_TASK PROMPT_.
Every line from the one containing "(* N is separable, being" to the one containing "by apply: countableX" in the records below, both included, must be set down exactly, and no other line.

Stored data entries:
%%
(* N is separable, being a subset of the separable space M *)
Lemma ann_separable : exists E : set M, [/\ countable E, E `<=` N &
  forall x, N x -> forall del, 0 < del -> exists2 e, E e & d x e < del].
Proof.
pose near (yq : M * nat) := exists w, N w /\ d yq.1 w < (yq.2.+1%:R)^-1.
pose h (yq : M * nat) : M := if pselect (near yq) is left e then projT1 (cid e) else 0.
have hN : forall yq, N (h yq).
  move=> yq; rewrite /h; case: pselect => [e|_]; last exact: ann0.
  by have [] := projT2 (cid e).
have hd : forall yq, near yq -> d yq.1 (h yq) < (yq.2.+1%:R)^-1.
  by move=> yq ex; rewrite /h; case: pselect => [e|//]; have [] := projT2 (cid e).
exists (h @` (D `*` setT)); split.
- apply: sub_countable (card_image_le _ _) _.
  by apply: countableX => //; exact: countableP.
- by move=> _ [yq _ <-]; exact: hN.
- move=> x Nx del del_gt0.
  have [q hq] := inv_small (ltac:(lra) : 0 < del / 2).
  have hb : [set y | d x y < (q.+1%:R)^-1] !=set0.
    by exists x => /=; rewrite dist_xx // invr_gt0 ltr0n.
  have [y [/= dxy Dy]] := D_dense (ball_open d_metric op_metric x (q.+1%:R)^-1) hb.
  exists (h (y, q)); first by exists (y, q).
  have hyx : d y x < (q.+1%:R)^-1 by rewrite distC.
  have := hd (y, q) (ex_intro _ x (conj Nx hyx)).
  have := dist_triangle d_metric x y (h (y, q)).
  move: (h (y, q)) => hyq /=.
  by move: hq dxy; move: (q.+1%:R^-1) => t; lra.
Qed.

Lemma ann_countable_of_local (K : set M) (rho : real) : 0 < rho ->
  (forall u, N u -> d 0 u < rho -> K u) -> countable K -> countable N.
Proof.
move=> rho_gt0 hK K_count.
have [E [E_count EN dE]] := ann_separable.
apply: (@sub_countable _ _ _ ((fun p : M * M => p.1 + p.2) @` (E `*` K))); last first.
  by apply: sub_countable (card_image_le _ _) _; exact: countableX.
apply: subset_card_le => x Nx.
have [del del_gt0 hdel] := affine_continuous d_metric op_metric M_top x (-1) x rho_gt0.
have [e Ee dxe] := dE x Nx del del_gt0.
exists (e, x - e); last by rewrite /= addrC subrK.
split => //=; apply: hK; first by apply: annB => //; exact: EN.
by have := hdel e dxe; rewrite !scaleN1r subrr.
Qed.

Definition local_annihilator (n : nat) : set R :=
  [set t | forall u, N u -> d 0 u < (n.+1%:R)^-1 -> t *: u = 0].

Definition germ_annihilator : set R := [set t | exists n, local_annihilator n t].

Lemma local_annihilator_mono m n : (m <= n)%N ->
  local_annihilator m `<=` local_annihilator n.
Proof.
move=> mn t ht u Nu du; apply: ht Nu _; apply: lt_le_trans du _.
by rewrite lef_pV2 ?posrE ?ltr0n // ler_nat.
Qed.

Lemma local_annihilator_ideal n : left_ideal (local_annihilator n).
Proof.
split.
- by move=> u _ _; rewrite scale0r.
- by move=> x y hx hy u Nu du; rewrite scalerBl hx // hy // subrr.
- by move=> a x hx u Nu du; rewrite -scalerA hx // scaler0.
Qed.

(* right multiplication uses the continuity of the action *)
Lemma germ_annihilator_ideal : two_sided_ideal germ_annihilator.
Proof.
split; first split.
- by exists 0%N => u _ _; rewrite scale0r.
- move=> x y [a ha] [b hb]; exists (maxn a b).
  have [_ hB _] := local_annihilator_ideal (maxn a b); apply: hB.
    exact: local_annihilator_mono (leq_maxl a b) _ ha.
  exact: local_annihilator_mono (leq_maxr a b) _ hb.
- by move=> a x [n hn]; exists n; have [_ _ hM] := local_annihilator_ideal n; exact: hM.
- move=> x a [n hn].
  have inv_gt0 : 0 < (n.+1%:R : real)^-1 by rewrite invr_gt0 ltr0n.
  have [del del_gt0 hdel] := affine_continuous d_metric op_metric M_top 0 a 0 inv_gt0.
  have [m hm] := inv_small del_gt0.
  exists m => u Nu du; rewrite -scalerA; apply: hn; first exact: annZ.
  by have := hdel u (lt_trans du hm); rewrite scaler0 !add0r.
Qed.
%%
%%
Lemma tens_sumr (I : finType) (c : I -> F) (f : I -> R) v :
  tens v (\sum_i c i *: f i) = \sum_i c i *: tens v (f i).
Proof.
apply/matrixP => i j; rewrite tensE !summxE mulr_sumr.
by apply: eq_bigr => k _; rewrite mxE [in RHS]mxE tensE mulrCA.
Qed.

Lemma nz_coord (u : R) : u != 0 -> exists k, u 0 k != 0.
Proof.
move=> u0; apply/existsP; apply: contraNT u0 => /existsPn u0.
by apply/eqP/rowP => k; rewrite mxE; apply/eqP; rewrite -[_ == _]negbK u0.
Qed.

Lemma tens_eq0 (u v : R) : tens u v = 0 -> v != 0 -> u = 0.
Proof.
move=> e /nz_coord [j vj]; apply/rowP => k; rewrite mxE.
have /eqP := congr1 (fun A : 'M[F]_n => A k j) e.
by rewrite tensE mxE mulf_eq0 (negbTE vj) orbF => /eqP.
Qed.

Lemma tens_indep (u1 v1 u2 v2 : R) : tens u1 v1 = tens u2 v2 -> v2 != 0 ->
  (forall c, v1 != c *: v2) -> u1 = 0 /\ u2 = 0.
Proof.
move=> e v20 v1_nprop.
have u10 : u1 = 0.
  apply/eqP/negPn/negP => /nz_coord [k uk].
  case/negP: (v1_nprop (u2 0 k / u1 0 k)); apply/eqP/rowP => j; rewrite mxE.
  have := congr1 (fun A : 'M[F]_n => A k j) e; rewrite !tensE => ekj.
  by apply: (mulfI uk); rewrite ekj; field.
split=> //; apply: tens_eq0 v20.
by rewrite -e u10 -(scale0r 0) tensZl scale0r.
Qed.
%%
_ANSWER SECTION_.
(* N is separable, being a subset of the separable space M *)
Lemma ann_separable : exists E : set M, [/\ countable E, E `<=` N &
  forall x, N x -> forall del, 0 < del -> exists2 e, E e & d x e < del].
Proof.
pose near (yq : M * nat) := exists w, N w /\ d yq.1 w < (yq.2.+1%:R)^-1.
pose h (yq : M * nat) : M := if pselect (near yq) is left e then projT1 (cid e) else 0.
have hN : forall yq, N (h yq).
  move=> yq; rewrite /h; case: pselect => [e|_]; last exact: ann0.
  by have [] := projT2 (cid e).
have hd : forall yq, near yq -> d yq.1 (h yq) < (yq.2.+1%:R)^-1.
  by move=> yq ex; rewrite /h; case: pselect => [e|//]; have [] := projT2 (cid e).
exists (h @` (D `*` setT)); split.
- apply: sub_countable (card_image_le _ _) _.
  by apply: countableX => //; exact: countableP.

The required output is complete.